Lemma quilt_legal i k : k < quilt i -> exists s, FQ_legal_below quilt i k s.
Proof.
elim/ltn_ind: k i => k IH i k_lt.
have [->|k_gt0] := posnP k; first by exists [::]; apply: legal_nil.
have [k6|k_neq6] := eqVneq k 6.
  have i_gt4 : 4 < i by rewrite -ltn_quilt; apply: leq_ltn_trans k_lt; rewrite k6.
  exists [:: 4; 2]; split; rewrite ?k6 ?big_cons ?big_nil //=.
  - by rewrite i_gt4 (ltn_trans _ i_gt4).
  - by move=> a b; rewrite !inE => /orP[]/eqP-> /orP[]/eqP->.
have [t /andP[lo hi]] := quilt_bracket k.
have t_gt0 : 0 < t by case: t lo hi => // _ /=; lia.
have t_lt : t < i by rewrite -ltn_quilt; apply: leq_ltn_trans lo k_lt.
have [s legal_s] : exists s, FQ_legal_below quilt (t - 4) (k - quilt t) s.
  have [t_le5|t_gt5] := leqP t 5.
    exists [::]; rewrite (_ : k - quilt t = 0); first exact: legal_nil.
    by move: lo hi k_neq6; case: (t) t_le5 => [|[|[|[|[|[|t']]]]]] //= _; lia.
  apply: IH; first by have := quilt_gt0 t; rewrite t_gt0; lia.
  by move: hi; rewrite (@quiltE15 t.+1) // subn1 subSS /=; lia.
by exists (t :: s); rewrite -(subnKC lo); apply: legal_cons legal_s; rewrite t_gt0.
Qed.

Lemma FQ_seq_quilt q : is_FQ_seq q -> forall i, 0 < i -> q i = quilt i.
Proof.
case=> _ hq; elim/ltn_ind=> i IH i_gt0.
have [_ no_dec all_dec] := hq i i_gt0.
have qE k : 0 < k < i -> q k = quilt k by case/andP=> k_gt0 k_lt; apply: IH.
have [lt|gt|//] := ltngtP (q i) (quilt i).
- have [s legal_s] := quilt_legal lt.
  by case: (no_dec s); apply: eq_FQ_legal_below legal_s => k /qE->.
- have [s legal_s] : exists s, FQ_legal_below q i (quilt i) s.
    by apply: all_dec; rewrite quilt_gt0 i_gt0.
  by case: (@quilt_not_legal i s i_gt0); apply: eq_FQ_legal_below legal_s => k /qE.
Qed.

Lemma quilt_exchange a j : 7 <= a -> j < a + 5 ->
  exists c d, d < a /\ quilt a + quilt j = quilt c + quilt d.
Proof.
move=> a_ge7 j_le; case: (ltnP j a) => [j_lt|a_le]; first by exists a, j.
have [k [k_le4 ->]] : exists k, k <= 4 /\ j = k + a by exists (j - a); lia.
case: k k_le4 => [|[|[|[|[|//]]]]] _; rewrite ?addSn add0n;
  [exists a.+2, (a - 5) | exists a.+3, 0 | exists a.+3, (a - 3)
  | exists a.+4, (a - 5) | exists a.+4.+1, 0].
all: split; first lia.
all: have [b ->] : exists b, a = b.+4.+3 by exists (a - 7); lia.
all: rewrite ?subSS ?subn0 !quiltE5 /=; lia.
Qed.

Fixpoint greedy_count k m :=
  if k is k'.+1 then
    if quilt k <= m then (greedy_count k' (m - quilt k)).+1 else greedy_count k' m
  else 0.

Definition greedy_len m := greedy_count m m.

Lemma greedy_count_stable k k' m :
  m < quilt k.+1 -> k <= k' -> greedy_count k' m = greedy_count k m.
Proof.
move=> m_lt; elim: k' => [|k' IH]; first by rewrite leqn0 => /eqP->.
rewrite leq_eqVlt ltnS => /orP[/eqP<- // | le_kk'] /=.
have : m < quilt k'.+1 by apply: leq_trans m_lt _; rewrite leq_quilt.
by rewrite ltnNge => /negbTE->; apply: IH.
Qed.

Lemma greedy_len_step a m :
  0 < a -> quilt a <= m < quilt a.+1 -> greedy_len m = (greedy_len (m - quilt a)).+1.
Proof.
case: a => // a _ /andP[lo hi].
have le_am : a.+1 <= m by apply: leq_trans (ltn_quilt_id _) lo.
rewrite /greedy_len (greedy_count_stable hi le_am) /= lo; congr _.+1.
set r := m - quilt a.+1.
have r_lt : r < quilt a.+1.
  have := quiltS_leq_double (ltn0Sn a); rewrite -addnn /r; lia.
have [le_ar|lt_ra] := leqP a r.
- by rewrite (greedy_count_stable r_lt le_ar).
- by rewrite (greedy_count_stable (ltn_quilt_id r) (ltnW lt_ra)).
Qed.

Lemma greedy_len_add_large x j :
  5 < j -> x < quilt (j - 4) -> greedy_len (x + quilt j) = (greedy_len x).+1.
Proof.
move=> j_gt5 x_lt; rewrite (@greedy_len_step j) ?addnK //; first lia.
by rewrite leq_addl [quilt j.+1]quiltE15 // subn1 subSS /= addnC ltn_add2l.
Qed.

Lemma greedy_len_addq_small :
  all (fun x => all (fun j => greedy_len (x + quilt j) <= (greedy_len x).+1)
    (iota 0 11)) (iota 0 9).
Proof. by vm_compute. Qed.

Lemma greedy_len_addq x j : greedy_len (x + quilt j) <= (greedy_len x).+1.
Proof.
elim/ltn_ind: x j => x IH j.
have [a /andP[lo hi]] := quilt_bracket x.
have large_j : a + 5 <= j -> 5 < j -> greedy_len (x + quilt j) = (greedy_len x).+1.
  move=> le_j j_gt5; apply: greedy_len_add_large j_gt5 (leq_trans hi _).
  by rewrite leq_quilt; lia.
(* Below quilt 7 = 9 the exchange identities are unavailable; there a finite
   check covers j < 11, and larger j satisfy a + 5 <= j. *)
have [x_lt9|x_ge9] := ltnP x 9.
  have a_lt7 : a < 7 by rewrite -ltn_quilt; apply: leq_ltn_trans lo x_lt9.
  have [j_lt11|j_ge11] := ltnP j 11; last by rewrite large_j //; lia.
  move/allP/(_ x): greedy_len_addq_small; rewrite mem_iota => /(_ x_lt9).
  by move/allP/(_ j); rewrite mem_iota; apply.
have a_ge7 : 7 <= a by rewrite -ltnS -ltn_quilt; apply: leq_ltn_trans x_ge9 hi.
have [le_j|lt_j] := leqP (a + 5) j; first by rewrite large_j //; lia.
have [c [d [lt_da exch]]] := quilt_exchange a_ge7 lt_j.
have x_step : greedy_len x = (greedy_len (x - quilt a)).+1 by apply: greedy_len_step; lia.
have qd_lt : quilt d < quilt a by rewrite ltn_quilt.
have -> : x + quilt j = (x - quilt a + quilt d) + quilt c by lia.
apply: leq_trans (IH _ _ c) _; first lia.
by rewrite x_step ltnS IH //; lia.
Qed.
- - - - -
**What is being asked:** Your task is to output the full set of records exactly as presented.

**Written solution:**
Lemma quilt_legal i k : k < quilt i -> exists s, FQ_legal_below quilt i k s.
Proof.
elim/ltn_ind: k i => k IH i k_lt.
have [->|k_gt0] := posnP k; first by exists [::]; apply: legal_nil.
have [k6|k_neq6] := eqVneq k 6.
  have i_gt4 : 4 < i by rewrite -ltn_quilt; apply: leq_ltn_trans k_lt; rewrite k6.
  exists [:: 4; 2]; split; rewrite ?k6 ?big_cons ?big_nil //=.
  - by rewrite i_gt4 (ltn_trans _ i_gt4).
  - by move=> a b; rewrite !inE => /orP[]/eqP-> /orP[]/eqP->.
have [t /andP[lo hi]] := quilt_bracket k.
have t_gt0 : 0 < t by case: t lo hi => // _ /=; lia.
have t_lt : t < i by rewrite -ltn_quilt; apply: leq_ltn_trans lo k_lt.
have [s legal_s] : exists s, FQ_legal_below quilt (t - 4) (k - quilt t) s.
  have [t_le5|t_gt5] := leqP t 5.
    exists [::]; rewrite (_ : k - quilt t = 0); first exact: legal_nil.
    by move: lo hi k_neq6; case: (t) t_le5 => [|[|[|[|[|[|t']]]]]] //= _; lia.
  apply: IH; first by have := quilt_gt0 t; rewrite t_gt0; lia.
  by move: hi; rewrite (@quiltE15 t.+1) // subn1 subSS /=; lia.
by exists (t :: s); rewrite -(subnKC lo); apply: legal_cons legal_s; rewrite t_gt0.
Qed.

Lemma FQ_seq_quilt q : is_FQ_seq q -> forall i, 0 < i -> q i = quilt i.
Proof.
case=> _ hq; elim/ltn_ind=> i IH i_gt0.
have [_ no_dec all_dec] := hq i i_gt0.
have qE k : 0 < k < i -> q k = quilt k by case/andP=> k_gt0 k_lt; apply: IH.
have [lt|gt|//] := ltngtP (q i) (quilt i).
- have [s legal_s] := quilt_legal lt.
  by case: (no_dec s); apply: eq_FQ_legal_below legal_s => k /qE->.
- have [s legal_s] : exists s, FQ_legal_below q i (quilt i) s.
    by apply: all_dec; rewrite quilt_gt0 i_gt0.
  by case: (@quilt_not_legal i s i_gt0); apply: eq_FQ_legal_below legal_s => k /qE.
Qed.

Lemma quilt_exchange a j : 7 <= a -> j < a + 5 ->
  exists c d, d < a /\ quilt a + quilt j = quilt c + quilt d.
Proof.
move=> a_ge7 j_le; case: (ltnP j a) => [j_lt|a_le]; first by exists a, j.
have [k [k_le4 ->]] : exists k, k <= 4 /\ j = k + a by exists (j - a); lia.
case: k k_le4 => [|[|[|[|[|//]]]]] _; rewrite ?addSn add0n;
  [exists a.+2, (a - 5) | exists a.+3, 0 | exists a.+3, (a - 3)
  | exists a.+4, (a - 5) | exists a.+4.+1, 0].
all: split; first lia.
all: have [b ->] : exists b, a = b.+4.+3 by exists (a - 7); lia.
all: rewrite ?subSS ?subn0 !quiltE5 /=; lia.
Qed.

Fixpoint greedy_count k m :=
  if k is k'.+1 then
    if quilt k <= m then (greedy_count k' (m - quilt k)).+1 else greedy_count k' m
  else 0.

Definition greedy_len m := greedy_count m m.

Lemma greedy_count_stable k k' m :
  m < quilt k.+1 -> k <= k' -> greedy_count k' m = greedy_count k m.
Proof.
move=> m_lt; elim: k' => [|k' IH]; first by rewrite leqn0 => /eqP->.
rewrite leq_eqVlt ltnS => /orP[/eqP<- // | le_kk'] /=.
have : m < quilt k'.+1 by apply: leq_trans m_lt _; rewrite leq_quilt.
by rewrite ltnNge => /negbTE->; apply: IH.
Qed.

Lemma greedy_len_step a m :
  0 < a -> quilt a <= m < quilt a.+1 -> greedy_len m = (greedy_len (m - quilt a)).+1.
Proof.
case: a => // a _ /andP[lo hi].
have le_am : a.+1 <= m by apply: leq_trans (ltn_quilt_id _) lo.
rewrite /greedy_len (greedy_count_stable hi le_am) /= lo; congr _.+1.
set r := m - quilt a.+1.
have r_lt : r < quilt a.+1.
  have := quiltS_leq_double (ltn0Sn a); rewrite -addnn /r; lia.
have [le_ar|lt_ra] := leqP a r.
- by rewrite (greedy_count_stable r_lt le_ar).
- by rewrite (greedy_count_stable (ltn_quilt_id r) (ltnW lt_ra)).
Qed.

Lemma greedy_len_add_large x j :
  5 < j -> x < quilt (j - 4) -> greedy_len (x + quilt j) = (greedy_len x).+1.
Proof.
move=> j_gt5 x_lt; rewrite (@greedy_len_step j) ?addnK //; first lia.
by rewrite leq_addl [quilt j.+1]quiltE15 // subn1 subSS /= addnC ltn_add2l.
Qed.

Lemma greedy_len_addq_small :
  all (fun x => all (fun j => greedy_len (x + quilt j) <= (greedy_len x).+1)
    (iota 0 11)) (iota 0 9).
Proof. by vm_compute. Qed.

Lemma greedy_len_addq x j : greedy_len (x + quilt j) <= (greedy_len x).+1.
Proof.
elim/ltn_ind: x j => x IH j.
have [a /andP[lo hi]] := quilt_bracket x.
have large_j : a + 5 <= j -> 5 < j -> greedy_len (x + quilt j) = (greedy_len x).+1.
  move=> le_j j_gt5; apply: greedy_len_add_large j_gt5 (leq_trans hi _).
  by rewrite leq_quilt; lia.
(* Below quilt 7 = 9 the exchange identities are unavailable; there a finite
   check covers j < 11, and larger j satisfy a + 5 <= j. *)
have [x_lt9|x_ge9] := ltnP x 9.
  have a_lt7 : a < 7 by rewrite -ltn_quilt; apply: leq_ltn_trans lo x_lt9.
  have [j_lt11|j_ge11] := ltnP j 11; last by rewrite large_j //; lia.
  move/allP/(_ x): greedy_len_addq_small; rewrite mem_iota => /(_ x_lt9).
  by move/allP/(_ j); rewrite mem_iota; apply.
have a_ge7 : 7 <= a by rewrite -ltnS -ltn_quilt; apply: leq_ltn_trans x_ge9 hi.
have [le_j|lt_j] := leqP (a + 5) j; first by rewrite large_j //; lia.
have [c [d [lt_da exch]]] := quilt_exchange a_ge7 lt_j.
have x_step : greedy_len x = (greedy_len (x - quilt a)).+1 by apply: greedy_len_step; lia.
have qd_lt : quilt d < quilt a by rewrite ltn_quilt.
have -> : x + quilt j = (x - quilt a + quilt d) + quilt c by lia.
apply: leq_trans (IH _ _ c) _; first lia.
by rewrite x_step ltnS IH //; lia.
Qed.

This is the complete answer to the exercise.